Figure 1. Leukemia as a state-transition of the transcriptome.

Figure 1.

State-transition theory is applied to model transcriptional states over time and to identify critical points in the transition from health to leukemia, and to compute the probability of leukemia development. A) The scheme represents the temporal evolution of the transcriptome of the blood from a healthy state to a leukemia state in a longitudinal study in an AML model induced by the Cbfb-MYH11 (CM) oncogene. In the conditional CM knock-in mouse model (Cbfb+/56M/Mx1Cre), expression of CM in the adult bone marrow alters normal hematopoietic differentiation creating aberrant pre-leukemic progenitor cells which with time acquire additional genetic, epigenetic alterations needed for malignant transformation and AML development. B) We model the action of oncogenic events as a reduction in the energy barrier required to cause state-transition, and thus increase the probability of leukemia development. In unperturbed—normal—hematopoiesis, a large energy barrier between the reference state c1 and unstable transition c2 result in low probability of the state-transitioning to leukemia c3. In hematopoiesis perturbed by an AML oncogene CM, the energy barrier is reduced and therefore increases the probability of transition from c1 to c3 to a leukemia state.
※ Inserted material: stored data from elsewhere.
(* Let $H$ be an $\mathcal H$-class of $\mathcal{OR}_n$ containing an idempotent of rank $k$. If $k=n$ then $H=W'$, and if $k\in\{1,\dots,m\}$ then $H$ is isomorphic (as a group) to the symmetric group $S_k$.
   Context: Let $m\ge 1$, $n=2m$, $\mathbf n=\{1,\dots,n\}$, $\theta(i)=n+1-i$, written $\bar i$. A proper subset $I\subset\mathbf n$ is admissible if $I\cap\theta(I)=\emptyset$; $\mathbf n$ and $\emptyset$ are also admissible. For an injective partial map $\sigma$ of $\mathbf n$, $I(\sigma)$ is its domain, $J(\sigma)$ its image, $\mathrm{rk}(\sigma)=|I(\sigma)|$; products are compositions of partial maps. $W=\{\sigma\in S_n:\sigma(\bar i)=\overline{\sigma(i)}\ \forall i\}$, $W'=\{\sigma\in W:|\sigma(\{1,\dots,m\})\cap\{m+1,\dots,n\}|\text{ even}\}$. An admissible $m$-subset is of type I if it contains an even number of elements $>m$, type II otherwise. $\mathcal{OR}_n$ consists of the injective partial maps $\sigma$ with: $\mathrm{rk}(\sigma)<m$ and $I(\sigma),J(\sigma)$ admissible; or $\mathrm{rk}(\sigma)=m$ and $I(\sigma),J(\sigma)$ admissible of the same type; or $\sigma\in W'$. $\mathcal H$ is Green's $\mathcal H$-relation on the monoid $\mathcal{OR}_n$. *)

From mathcomp Require Import all_boot all_fingroup.
Set Implicit Arguments. Unset Strict Implicit. Unset Printing Implicit Defensive.

(* Points 1..n of the paper are encoded as 'I_n = {0,..,n-1} (i <-> i+1),
   with n = 2 * m.  theta(i) = n+1-i becomes rev_ord i = n-1-i.
   An element > m (1-indexed) is an ordinal i with m <= i (0-indexed). *)

Notation pmapn m := {ffun 'I_(2 * m) -> option 'I_(2 * m)}.

Section Defs.
Variable m : nat.
Local Notation n := (2 * m).
Local Notation pm := (pmapn m).

Definition theta (i : 'I_n) : 'I_n := rev_ord i.

Definition dom (s : pm) : {set 'I_n} := [set i | s i != None].
Definition img (s : pm) : {set 'I_n} := [set j | [exists i, s i == Some j]].
Definition rk (s : pm) : nat := #|dom s|.

Definition pinj (s : pm) : bool :=
  [forall i, forall j, ((s i != None) && (s i == s j)) ==> (i == j)].

(* product = composition of partial maps: first s, then t *)
Definition pmul (s t : pm) : pm := [ffun i => obind t (s i)].

Definition admissible (I : {set 'I_n}) : bool :=
  (I == [set: 'I_n]) || [disjoint I & theta @: I].

Definition inW (s : pm) : bool :=
  pinj s && [forall i, s i != None] &&
  [forall i, s (theta i) == omap theta (s i)].

Definition inW' (s : pm) : bool :=
  inW s &&
  ~~ odd #|[set i : 'I_n | (i < m) && [exists j : 'I_n, (m <= j) && (s i == Some j)]]|.

Definition typeI (I : {set 'I_n}) : bool := ~~ odd #|[set i in I | m <= i]|.

Definition OR : {set pm} :=
  [set s | pinj s &&
     [|| (rk s < m) && admissible (dom s) && admissible (img s),
         [&& rk s == m, admissible (dom s), admissible (img s)
           & typeI (dom s) == typeI (img s)]
       | inW' s]].

(* Green's relations in the monoid OR (it contains the identity) *)
Definition Rrel (a b : pm) : Prop :=
  (exists2 x, x \in OR & b = pmul a x) /\ (exists2 y, y \in OR & a = pmul b y).
Definition Lrel (a b : pm) : Prop :=
  (exists2 x, x \in OR & b = pmul x a) /\ (exists2 y, y \in OR & a = pmul y b).
Definition Hrel (a b : pm) : Prop := Rrel a b /\ Lrel a b.

End Defs.

From Pilot Require Import Defs.
From mathcomp Require Import all_boot all_fingroup.
From mathcomp Require Import zify.
Set Implicit Arguments. Unset Strict Implicit. Unset Printing Implicit Defensive.

(* An idempotent injective partial map is the identity on its domain I, and
   H-related maps have the same domain and the same image.  Hence the H-class of
   the idempotent consists of the injective maps of I onto itself lying in OR_n.
   If |I| <= m every such map lies in OR_n (its domain and image are the same
   admissible set), so the class is a copy of Sym(I).  If |I| = n the idempotent
   is the identity, its H-class is the group of units of OR_n, and the units are
   the total maps of OR_n, i.e. W'; W' is closed under inverses because p and
   p^-1 move the same number of points of {1,..,m} out of {1,..,m}. *)

Lemma card_escape_permV (T : finType) (s : {perm T}) (L : {set T}) :
  #|[set i in L | s i \notin L]| = #|[set i in L | (s^-1)%g i \notin L]|.
Proof.
set A := s @^-1: L.
have -> : [set i in L | s i \notin L] = L :\: A by apply/setP => i; rewrite !inE andbC.
have -> : [set i in L | (s^-1)%g i \notin L] = (s^-1)%g @^-1: (A :\: L).
  by apply/setP => i; rewrite !inE permKV andbC.
rewrite card_preimset; last exact: perm_inj.
have := cardsID A L; have := cardsID L A.
have : #|A| = #|L| by rewrite card_preimset //; exact: perm_inj.
by rewrite setIC; lia.
Qed.

Section PartialMaps.
Variable m : nat.
Local Notation n := (2 * m).
Local Notation pm := (pmapn m).

Definition pid (I : {set 'I_n}) : pm := [ffun i => if i \in I then Some i else None].

Lemma pinjP (s : pm) : pinj s -> forall i j, s i != None -> s i = s j -> i = j.
Proof.
move=> /forallP sinj i j si_def sij.
by apply/eqP/(implyP (forallP (sinj i) j)); rewrite si_def sij eqxx.
Qed.

Lemma OR_pinj (s : pm) : s \in OR m -> pinj s.
Proof. by rewrite inE => /andP[]. Qed.

Lemma dom_pid I : Defs.dom (pid I) = I.
Proof. by apply/setP => i; rewrite !inE ffunE; case: (i \in I). Qed.

Lemma img_pid I : img (pid I) = I.
Proof.
apply/setP => j; rewrite inE; apply/existsP/idP => [[i] | jI].
  by rewrite ffunE; case: ifP => // iI /eqP[<-].
by exists j; rewrite ffunE jI.
Qed.

Lemma pmul_pidTl (s : pm) : pmul (pid setT) s = s.
Proof. by apply/ffunP => i; rewrite !ffunE inE. Qed.

Lemma pmul_pidTr (s : pm) : pmul s (pid setT) = s.
Proof. by apply/ffunP => i; rewrite !ffunE; case: (s i) => //= j; rewrite ffunE inE. Qed.

Lemma idempotent_pinj_pid (e : pm) : pinj e -> pmul e e = e -> e = pid (Defs.dom e).
Proof.
move=> einj eid; apply/ffunP => i; rewrite ffunE inE.
case ei: (e i) => [j|] //=; congr Some.
have ej : e j = Some j by rewrite -ei -[in RHS]eid ffunE ei.
by apply: (pinjP einj); rewrite ej ?ei.
Qed.

Lemma dom_pmul_sub (a x : pm) : Defs.dom (pmul a x) \subset Defs.dom a.
Proof. by apply/subsetP => i; rewrite !inE ffunE; case: (a i). Qed.

Lemma img_pmul_sub (x a : pm) : img (pmul x a) \subset img a.
Proof.
apply/subsetP => j; rewrite !inE => /existsP[i]; rewrite ffunE.
by case: (x i) => //= k akj; apply/existsP; exists k.
Qed.

Lemma Rrel_dom (a b : pm) : Rrel a b -> Defs.dom a = Defs.dom b.
Proof.
by case=> -[x _ ->] [y _ ab]; apply/eqP; rewrite eqEsubset dom_pmul_sub {1}ab dom_pmul_sub.
Qed.

Lemma Lrel_img (a b : pm) : Lrel a b -> img a = img b.
Proof.
by case=> -[x _ ->] [y _ ab]; apply/eqP; rewrite eqEsubset img_pmul_sub {1}ab img_pmul_sub.
Qed.

Lemma Hrel_of_inverse (e a b : pm) : a \in OR m -> b \in OR m ->
  pmul e a = a -> pmul a e = a -> pmul a b = e -> pmul b a = e -> Hrel e a.
Proof.
by move=> aOR bOR ea ae ab ba; split; split; [exists a | exists b | exists a | exists b].
Qed.

Lemma dom_inW (s : pm) : inW s -> Defs.dom s = setT.
Proof. by case/andP=> /andP[_ /forallP s_total] _; apply/setP => i; rewrite !inE s_total. Qed.

Lemma OR_admissible_dom (s : pm) :
  0 < m -> s \in OR m -> rk s <= m -> admissible (Defs.dom s).
Proof.
move=> m_gt0 /[!inE] /andP[_ /or3P[/andP[/andP[_ adm] _] _ | /and4P[_ adm _ _] _ |]] //.
move=> /andP[/dom_inW s_total _]; rewrite /rk s_total cardsT card_ord => rk_s.
by exfalso; lia.
Qed.

Lemma OR_of_img_dom (s : pm) : pinj s -> img s = Defs.dom s ->
  admissible (Defs.dom s) -> rk s <= m -> s \in OR m.
Proof.
move=> sinj img_s adm; rewrite inE sinj img_s adm eqxx /= leq_eqVlt => /orP[->|->] //.
by rewrite orbT.
Qed.

Definition pmap_of_perm (p : {perm 'I_n}) : pm := [ffun i => Some (p i)].

Lemma pmap_of_permM p q : pmul (pmap_of_perm p) (pmap_of_perm q) = pmap_of_perm (p * q).
Proof. by apply/ffunP => i; rewrite !ffunE /= ffunE permM. Qed.

Lemma pmap_of_perm1 : pmap_of_perm 1 = pid setT.
Proof. by apply/ffunP => i; rewrite !ffunE inE perm1. Qed.

Lemma inW_pmap_of_perm (s : pm) : inW s -> exists p, s = pmap_of_perm p.
Proof.
move=> /andP[/andP[sinj /forallP s_total] _].
pose f i := odflt i (s i).
have sE i : s i = Some (f i) by rewrite /f; case: (s i) (s_total i).
have f_inj : injective f.
  by move=> i j fij; apply: (pinjP sinj); rewrite ?s_total // !sE fij.
by exists (perm f_inj); apply/ffunP => i; rewrite ffunE permE sE.
Qed.

Lemma inW'_pmap_of_perm p : inW' (pmap_of_perm p) =
  [forall i, p (theta i) == theta (p i)] &&
  ~~ odd #|[set i in [set i : 'I_n | i < m] | p i \notin [set i : 'I_n | i < m]]|.
Proof.
have pinj_p : pinj (pmap_of_perm p).
  apply/forallP => i; apply/forallP => j; apply/implyP => /andP[_].
  by rewrite !ffunE => /eqP[/perm_inj ->].
have total_p : [forall i, pmap_of_perm p i != None] by apply/forallP => i; rewrite ffunE.
rewrite /inW' /inW pinj_p total_p /=; congr andb.
  by apply: eq_forallb => i; rewrite !ffunE /= (inj_eq (@Some_inj _)).
congr (~~ odd _); apply: eq_card => i; rewrite !inE ffunE -leqNgt; congr (_ && _).
apply/existsP/idP => [[j /andP[mj /eqP[->]]] // | m_pi].
by exists (p i); rewrite m_pi eqxx.
Qed.

Lemma inW'_pmap_of_permV p : inW' (pmap_of_perm p) -> inW' (pmap_of_perm p^-1).
Proof.
rewrite !inW'_pmap_of_perm -card_escape_permV => /andP[/forallP p_theta ->].
rewrite andbT; apply/forallP => i; apply/eqP/(@perm_inj _ p).
by rewrite permKV (eqP (p_theta _)) permKV.
Qed.

Lemma inW'_OR (s : pm) : inW' s -> s \in OR m.
Proof. by move=> sW'; rewrite inE sW' !orbT andbT; case/andP: sW' => /andP[/andP[->]]. Qed.

Lemma OR_total_inW' (s : pm) : 0 < m -> s \in OR m -> Defs.dom s = setT -> inW' s.
Proof.
move=> m_gt0 + s_total; rewrite inE /rk s_total cardsT card_ord.
have [-> ->] : (n < m) = false /\ (n == m) = false by split; lia.
by case/andP.
Qed.

Lemma Hclass_idempotent_full (e b : pm) : 0 < m -> e \in OR m -> pmul e e = e ->
  rk e = n -> (b \in OR m /\ Hrel e b) <-> inW' b.
Proof.
move=> m_gt0 eOR eid rk_e.
have -> : e = pid setT.
  rewrite [LHS](idempotent_pinj_pid (OR_pinj eOR) eid); congr pid.
  by apply/eqP; rewrite eqEcard subsetT cardsT card_ord -/(rk e) rk_e leqnn.
split=> [[bOR [/Rrel_dom]]|bW'].
  by rewrite dom_pid => /esym /(OR_total_inW' m_gt0 bOR).
have [p bE] : exists p, b = pmap_of_perm p by apply: inW_pmap_of_perm; case/andP: bW'.
rewrite bE in bW' *; split; first exact: inW'_OR.
apply: (Hrel_of_inverse (b := pmap_of_perm p^-1)).
- exact: inW'_OR.
- exact/inW'_OR/inW'_pmap_of_permV.
- exact: pmul_pidTl.
- exact: pmul_pidTr.
- by rewrite pmap_of_permM mulgV pmap_of_perm1.
- by rewrite pmap_of_permM mulVg pmap_of_perm1.
Qed.

End PartialMaps.

Section PermOn.
Variables (m : nat) (I : {set 'I_(2 * m)}) (x0 : 'I_(2 * m)) (x0I : x0 \in I).
Local Notation pm := (pmapn m).

Definition pmap_of_perm_on (p : {perm 'I_#|I|}) : pm :=
  [ffun i => if i \in I then Some (enum_val (p (enum_rank_in x0I i))) else None].

Lemma pmap_of_perm_on_val p z : pmap_of_perm_on p (enum_val z) = Some (enum_val (p z)).
Proof. by rewrite ffunE enum_valP enum_valK_in. Qed.

Lemma pmap_of_perm_on_out p i : i \notin I -> pmap_of_perm_on p i = None.
Proof. by rewrite ffunE => /negbTE ->. Qed.

Lemma pmap_of_perm_on1 : pmap_of_perm_on 1 = pid I.
Proof.
apply/ffunP => i; rewrite [RHS]ffunE; case: ifPn => [iI | /pmap_of_perm_on_out //].
by rewrite -(enum_rankK_in x0I iI) pmap_of_perm_on_val perm1.
Qed.

Lemma pmap_of_perm_onM p q :
  pmul (pmap_of_perm_on p) (pmap_of_perm_on q) = pmap_of_perm_on (p * q).
Proof.
apply/ffunP => i; rewrite ffunE; case: (boolP (i \in I)) => [iI | iNI].
  by rewrite -(enum_rankK_in x0I iI) !pmap_of_perm_on_val /= pmap_of_perm_on_val permM.
by rewrite !pmap_of_perm_on_out.
Qed.

Lemma pmap_of_perm_on_inj : injective pmap_of_perm_on.
Proof.
move=> p q pq; apply/permP => z.
by have := pmap_of_perm_on_val p z; rewrite pq pmap_of_perm_on_val => -[/enum_val_inj].
Qed.

Lemma dom_pmap_of_perm_on p : Defs.dom (pmap_of_perm_on p) = I.
Proof. by apply/setP => i; rewrite inE ffunE; case: (i \in I). Qed.

Lemma img_pmap_of_perm_on p : img (pmap_of_perm_on p) = I.
Proof.
apply/setP => j; rewrite inE; apply/existsP/idP => [[i]|jI].
  by rewrite ffunE; case: ifP => // _ /eqP[<-]; apply: enum_valP.
exists (enum_val ((p^-1)%g (enum_rank_in x0I j))).
by rewrite pmap_of_perm_on_val permKV enum_rankK_in.
Qed.

Lemma pinj_pmap_of_perm_on p : pinj (pmap_of_perm_on p).
Proof.
apply/forallP => i; apply/forallP => j; apply/implyP => /andP[pi_def /eqP pij].
have iI : i \in I by rewrite -(dom_pmap_of_perm_on p) inE.
have jI : j \in I by rewrite -(dom_pmap_of_perm_on p) inE -pij.
move: pij; rewrite -(enum_rankK_in x0I iI) -(enum_rankK_in x0I jI) !pmap_of_perm_on_val.
by move=> [/enum_val_inj/perm_inj ->].
Qed.

Lemma pinj_dom_img_pmap_of_perm_on (b : pm) : pinj b -> Defs.dom b = I -> img b \subset I ->
  exists p, b = pmap_of_perm_on p.
Proof.
move=> binj bdom bimg.
have b_def i : (b i != None) = (i \in I) by rewrite -bdom inE.
pose f z := if b (enum_val z) is Some j then enum_rank_in x0I j else z.
have bE z : b (enum_val z) = Some (enum_val (f z)).
  have := b_def (enum_val z); rewrite /f enum_valP; case bz: (b (enum_val z)) => [j|] // _.
  rewrite enum_rankK_in // (subsetP bimg) // inE.
  by apply/existsP; exists (enum_val z); rewrite bz.
have f_inj : injective f.
  by move=> y z fyz; apply/enum_val_inj/(pinjP binj); rewrite ?b_def ?enum_valP // !bE fyz.
exists (perm f_inj); apply/ffunP => i; case: (boolP (i \in I)) => [iI | iNI].
  by rewrite -(enum_rankK_in x0I iI) pmap_of_perm_on_val permE bE.
by rewrite pmap_of_perm_on_out //; apply/eqP; rewrite -b_def negbK in iNI.
Qed.

(* Junk value 1 outside the range of [pmap_of_perm_on]. *)
Definition perm_of_pmap_on (b : pm) : {perm 'I_#|I|} :=
  odflt 1%g [pick p | b == pmap_of_perm_on p].

Lemma pmap_of_perm_onK : cancel pmap_of_perm_on perm_of_pmap_on.
Proof.
move=> p; rewrite /perm_of_pmap_on; case: pickP => [q /eqP/pmap_of_perm_on_inj -> // |].
by move/(_ p); rewrite eqxx.
Qed.

End PermOn.

Lemma Hclass_idempotent_small m (e b : pmapn m) x0 (x0I : x0 \in Defs.dom e) :
  0 < m -> e \in OR m -> pmul e e = e -> rk e <= m ->
  (b \in OR m /\ Hrel e b) <-> exists p, b = pmap_of_perm_on x0I p.
Proof.
move=> m_gt0 eOR eid rk_e.
have eE := idempotent_pinj_pid (OR_pinj eOR) eid.
have pOR p : pmap_of_perm_on x0I p \in OR m.
  apply: OR_of_img_dom;
    rewrite ?pinj_pmap_of_perm_on ?img_pmap_of_perm_on /rk ?dom_pmap_of_perm_on //.
  exact: OR_admissible_dom.
split=> [[bOR [eRb eLb]] | [p ->]].
  apply: pinj_dom_img_pmap_of_perm_on (OR_pinj bOR) _ _; first exact/esym/Rrel_dom.
  by rewrite -(Lrel_img eLb) {1}eE img_pid.
split=> //; rewrite [e in Hrel e _]eE -(pmap_of_perm_on1 x0I).
apply: (Hrel_of_inverse (b := pmap_of_perm_on x0I p^-1));
  by rewrite ?pmap_of_perm_onM ?mul1g ?mulg1 ?mulgV ?mulVg.
Qed.

Theorem proposition3p5 (m : nat) (hm : 1 <= m) (e : pmapn m)
  (eOR : e \in OR m) (eid : pmul e e = e) (H : {set pmapn m})
  (HH : forall b, b \in H <-> (b \in OR m /\ Hrel e b)) :
  (rk e = 2 * m -> forall s, s \in H <-> inW' s) /\
  (1 <= rk e <= m ->
     (forall a b, a \in H -> b \in H -> pmul a b \in H) /\
     exists f : pmapn m -> {perm 'I_(rk e)},
       [/\ (forall a b, a \in H -> b \in H -> f a = f b -> a = b),
           (forall p : {perm 'I_(rk e)}, exists2 a, a \in H & f a = p)
         & (forall a b, a \in H -> b \in H -> f (pmul a b) = (f a * f b)%g)]).
Proof.
split=> [rk_e s | /andP[rk_gt0 rk_le]]; first by rewrite HH; exact: Hclass_idempotent_full.
have [x0 x0I] : exists x0, x0 \in Defs.dom e by apply/set0Pn; rewrite -card_gt0.
have Hmk b : b \in H <-> exists p, b = pmap_of_perm_on x0I p.
  by rewrite HH; exact: Hclass_idempotent_small.
split=> [a b /Hmk[p ->] /Hmk[q ->] | ].
  by apply/Hmk; exists (p * q)%g; rewrite pmap_of_perm_onM.
exists (perm_of_pmap_on x0I).
split=> [a b /Hmk[p ->] /Hmk[q ->] | p | a b /Hmk[p ->] /Hmk[q ->]].
- by rewrite !pmap_of_perm_onK => ->.
- by exists (pmap_of_perm_on x0I p); [apply/Hmk; exists p | rewrite pmap_of_perm_onK].
- by rewrite pmap_of_perm_onM !pmap_of_perm_onK.
Qed.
The * marker indicates normal hematopoiesis unperturbed by Cbfb-MYH11. C) In a cohort of CM mice (Cbfb+/56M/Mx1Cre; N=7) and littermate controls (Ctrl; N=7) lacking one or both transgenes (Cbfb+/56M or Mx1Cre), PB was sampled prior to and following CM induction (by poly (I:C) treatment) monthly for up to 10 months (timepoints T0-T10), or when mice were moribund with leukemia. Blood samples were subjected to bulk RNA-seq and flow cytometry analysis. Survival curve of CM (red line) and Ctrl (black line) mice corresponding to blood sampling time point (dashed line) are shown. D) Hierarchical clustering of row normalized (mean zero, standard deviation one) log2 transformed counts per million (cpm) reads time-series RNA-seq data for all blood samples (N= 132). Color bar shows standard deviation from the mean. Each column represents a timepoint sample, which are ordered sequentially in time and grouped by condition (CM red, Control black) and individual mice, indicated by colored bars or grey bars, respectively. Hierarchical clustering reveals similar leukemia transcriptional profiles over time which is not uniform across all mice.